TASK DIRECTIONS:
Set down exactly the lines of the records from the top to the line containing "by rewrite mem_enum"; include both.

------------------------------------------------

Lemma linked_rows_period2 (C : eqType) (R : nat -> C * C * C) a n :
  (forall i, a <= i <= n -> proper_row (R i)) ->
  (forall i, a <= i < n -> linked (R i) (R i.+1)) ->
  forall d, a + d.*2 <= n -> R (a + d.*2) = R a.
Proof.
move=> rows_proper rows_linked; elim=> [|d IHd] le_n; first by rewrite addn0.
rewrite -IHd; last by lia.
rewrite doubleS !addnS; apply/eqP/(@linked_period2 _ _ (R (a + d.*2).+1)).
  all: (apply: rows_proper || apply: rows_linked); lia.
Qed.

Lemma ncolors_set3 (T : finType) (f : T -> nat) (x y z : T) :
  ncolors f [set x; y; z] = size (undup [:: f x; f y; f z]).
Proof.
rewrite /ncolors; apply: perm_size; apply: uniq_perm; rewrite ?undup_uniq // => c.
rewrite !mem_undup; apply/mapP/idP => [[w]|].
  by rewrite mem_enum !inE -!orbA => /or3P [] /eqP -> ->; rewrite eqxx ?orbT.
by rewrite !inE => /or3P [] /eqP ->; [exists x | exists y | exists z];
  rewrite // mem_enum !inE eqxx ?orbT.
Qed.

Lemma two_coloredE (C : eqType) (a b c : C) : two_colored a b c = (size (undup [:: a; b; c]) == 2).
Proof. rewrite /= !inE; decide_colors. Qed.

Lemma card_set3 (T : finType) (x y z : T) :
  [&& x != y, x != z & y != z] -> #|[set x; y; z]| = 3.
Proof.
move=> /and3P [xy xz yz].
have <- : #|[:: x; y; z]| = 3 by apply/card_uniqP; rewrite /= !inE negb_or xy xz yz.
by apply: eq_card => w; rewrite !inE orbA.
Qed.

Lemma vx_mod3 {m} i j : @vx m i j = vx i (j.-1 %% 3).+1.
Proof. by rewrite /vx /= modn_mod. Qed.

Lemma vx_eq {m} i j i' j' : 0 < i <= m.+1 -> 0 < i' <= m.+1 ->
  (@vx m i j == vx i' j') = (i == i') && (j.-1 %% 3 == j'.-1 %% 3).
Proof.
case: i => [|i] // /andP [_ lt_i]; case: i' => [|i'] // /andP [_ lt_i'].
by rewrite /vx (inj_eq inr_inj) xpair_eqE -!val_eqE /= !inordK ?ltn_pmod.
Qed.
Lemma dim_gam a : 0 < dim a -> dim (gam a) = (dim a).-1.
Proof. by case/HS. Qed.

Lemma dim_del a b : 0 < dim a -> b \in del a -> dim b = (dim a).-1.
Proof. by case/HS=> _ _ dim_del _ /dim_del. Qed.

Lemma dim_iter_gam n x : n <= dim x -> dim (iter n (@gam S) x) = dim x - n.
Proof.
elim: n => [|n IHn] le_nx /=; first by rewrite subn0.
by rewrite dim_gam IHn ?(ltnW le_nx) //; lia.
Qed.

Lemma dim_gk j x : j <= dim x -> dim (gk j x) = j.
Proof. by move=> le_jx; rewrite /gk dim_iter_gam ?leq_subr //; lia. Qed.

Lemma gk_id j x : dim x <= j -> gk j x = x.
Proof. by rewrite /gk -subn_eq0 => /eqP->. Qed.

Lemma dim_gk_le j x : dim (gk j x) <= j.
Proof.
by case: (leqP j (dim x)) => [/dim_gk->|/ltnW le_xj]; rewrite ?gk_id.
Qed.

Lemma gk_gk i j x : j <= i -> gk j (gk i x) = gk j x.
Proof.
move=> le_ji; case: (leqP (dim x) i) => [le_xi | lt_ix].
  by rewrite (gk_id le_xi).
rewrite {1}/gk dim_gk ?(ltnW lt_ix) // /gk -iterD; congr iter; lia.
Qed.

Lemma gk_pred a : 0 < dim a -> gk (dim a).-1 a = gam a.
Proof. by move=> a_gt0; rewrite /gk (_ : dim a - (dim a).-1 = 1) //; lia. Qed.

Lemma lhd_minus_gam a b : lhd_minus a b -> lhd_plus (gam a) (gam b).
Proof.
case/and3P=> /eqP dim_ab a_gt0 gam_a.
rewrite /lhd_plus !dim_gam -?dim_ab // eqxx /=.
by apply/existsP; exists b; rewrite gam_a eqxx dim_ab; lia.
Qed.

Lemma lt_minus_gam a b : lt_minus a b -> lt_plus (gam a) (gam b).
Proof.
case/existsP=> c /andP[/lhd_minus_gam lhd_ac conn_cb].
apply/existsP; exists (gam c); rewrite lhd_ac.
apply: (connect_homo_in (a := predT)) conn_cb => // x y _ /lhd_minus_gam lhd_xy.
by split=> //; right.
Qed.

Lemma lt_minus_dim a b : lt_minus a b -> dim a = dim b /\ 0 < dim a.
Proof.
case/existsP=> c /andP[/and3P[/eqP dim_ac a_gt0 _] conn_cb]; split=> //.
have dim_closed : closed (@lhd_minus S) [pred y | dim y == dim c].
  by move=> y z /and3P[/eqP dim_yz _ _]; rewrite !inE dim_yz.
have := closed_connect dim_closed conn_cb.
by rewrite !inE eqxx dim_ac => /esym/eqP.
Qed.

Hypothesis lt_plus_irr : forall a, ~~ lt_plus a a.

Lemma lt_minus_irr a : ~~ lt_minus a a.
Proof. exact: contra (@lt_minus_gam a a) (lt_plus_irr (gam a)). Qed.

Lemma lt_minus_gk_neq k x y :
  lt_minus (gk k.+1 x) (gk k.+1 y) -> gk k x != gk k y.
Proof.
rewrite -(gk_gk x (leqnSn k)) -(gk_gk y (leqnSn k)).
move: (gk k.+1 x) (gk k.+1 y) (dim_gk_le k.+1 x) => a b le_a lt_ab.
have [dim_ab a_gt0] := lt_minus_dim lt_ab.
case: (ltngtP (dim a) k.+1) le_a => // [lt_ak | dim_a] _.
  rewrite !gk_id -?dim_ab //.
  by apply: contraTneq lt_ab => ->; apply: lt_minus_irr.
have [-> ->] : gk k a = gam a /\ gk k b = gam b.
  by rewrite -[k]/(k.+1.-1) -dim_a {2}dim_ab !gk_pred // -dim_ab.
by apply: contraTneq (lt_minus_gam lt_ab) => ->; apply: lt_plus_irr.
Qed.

------------------------------------------------

EXERCISE RESPONSE:
Lemma linked_rows_period2 (C : eqType) (R : nat -> C * C * C) a n :
  (forall i, a <= i <= n -> proper_row (R i)) ->
  (forall i, a <= i < n -> linked (R i) (R i.+1)) ->
  forall d, a + d.*2 <= n -> R (a + d.*2) = R a.
Proof.
move=> rows_proper rows_linked; elim=> [|d IHd] le_n; first by rewrite addn0.
rewrite -IHd; last by lia.
rewrite doubleS !addnS; apply/eqP/(@linked_period2 _ _ (R (a + d.*2).+1)).
  all: (apply: rows_proper || apply: rows_linked); lia.
Qed.

Lemma ncolors_set3 (T : finType) (f : T -> nat) (x y z : T) :
  ncolors f [set x; y; z] = size (undup [:: f x; f y; f z]).
Proof.
rewrite /ncolors; apply: perm_size; apply: uniq_perm; rewrite ?undup_uniq // => c.
rewrite !mem_undup; apply/mapP/idP => [[w]|].
  by rewrite mem_enum !inE -!orbA => /or3P [] /eqP -> ->; rewrite eqxx ?orbT.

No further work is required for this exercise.